Ecole de Adi Yoga - Nantes et Ile de France
 
Jour 98

Jour 98

A quoi passé-je une grande partie de mon temps ? Eh bien à ne rien faire, absolument rien. Ce n'est pas évidemment par choix mais pour l'instant en raison d'une véritable incapacité. Mais bon... Je me vois quand-même en héros pour ça ! 😉

Alors, mon "rien faire préféré" consiste à m'asseoir dans le jardin, près de mon arbre vénéré, et à vivre et frémir avec le vent, un vent souffle qui souvent dans notre coin de paradis. Et je contemple les branches qui dansent, les feuilles qui frémissent, et le feulement du vent, si créatif et envahissant cet arbre et ses alentours. Et cela me contente, me nourrit et me soigne.

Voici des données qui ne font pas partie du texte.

(* Let $\mathcal{L}:\mathbb{R}^d\to\mathbb{R}$ be differentiable and run full-batch MoFO with hyperparameters satisfying $\beta_1<\sqrt{\beta_2}<1$ and $\epsilon=0$ (arbitrary learning rates $\eta_t>0$). Then for every $t\ge1$ and every coordinate $1\le i\le d$, $$|\theta_{i,t}-\theta_{i,t-1}|\le\frac{1}{\sqrt{1-\beta_2}\,(1-\beta_1/\sqrt{\beta_2})}\cdot\eta_t\cdot\texttt{FLT}_\alpha(m_t)_i,$$ and moreover $\|\theta_t-\theta_{t-1}\|_2\le C\eta_t$, where $C=\dfrac{\sqrt{d\cdot(\alpha\%)+B}}{\sqrt{1-\beta_2}\,(1-\beta_1/\sqrt{\beta_2})}$.
   Context: The coordinates of $\mathbb{R}^d$ are partitioned into $B$ blocks of sizes $d_1,\dots,d_B$ with $\sum_kd_k=d$. Fix $\alpha\%\in(0,1]$. For $z\in\mathbb{R}^d$, $\texttt{FLT}_\alpha(z)\in\{0,1\}^d$ equals, in each block $k$, $1$ exactly on a set of $\lceil d_k\cdot\alpha\%\rceil$ indices with the largest absolute values of $z$ within that block (ties broken in favour of smaller indices), and $0$ elsewhere. Full-batch MoFO with $\beta_1,\beta_2\in(0,1)$, learning rates $\eta_t>0$, initial point $\theta_0$: $m_0=v_0=0$; for $t\ge1$, $g_t=\nabla\mathcal{L}(\theta_{t-1})$, $m_t=\beta_1m_{t-1}+(1-\beta_1)g_t$, $v_t=\beta_2v_{t-1}+(1-\beta_2)g_t\odot g_t$, $\hat m_t=m_t/(1-\beta_1^t)$, $\hat v_t=v_t/(1-\beta_2^t)$, $\theta_t=\theta_{t-1}-\eta_t(\hat m_t\odot\texttt{FLT}_\alpha(m_t))/\sqrt{\hat v_t}$ entrywise ($\epsilon=0$ means no additive constant in the denominator; a quotient with $\hat v_{i,t}=0$, where necessarily $\hat m_{i,t}=0$, is taken as $0$). Subscript $i,t$ denotes the $i$-th coordinate of the vector at iteration $t$. *)

From HB Require Import structures.
From mathcomp Require Import all_boot all_order all_algebra.
From mathcomp Require Import all_classical all_reals all_analysis.
Set Implicit Arguments. Unset Strict Implicit. Unset Printing Implicit Defensive.
Import Order.TTheory GRing.Theory Num.Theory.
Import numFieldNormedType.Exports.
Local Open Scope ring_scope.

Les Tattvas, si tu ignores ce que c'est, sont en une expression lapidaire, des "briques fondamentales formant tout l'Univers" : Terre, Eau, Feu, Air, Ether. Il ne s'agit pas seulement d'éléments objectifs mais aussi de qualités fonctionnelles (solide, fluide, etc). Pour moi, être en lien avec les Tattvas, c'est être en lien avec la totalité du monde, les ornements incorruptibles et non moins exubérants de notre Cosmos que je vis à ce titre comme une mère qui nous porte chacun en son sein alors que nous sommes faits aussi des éléments essentiels de cette mère (Ma).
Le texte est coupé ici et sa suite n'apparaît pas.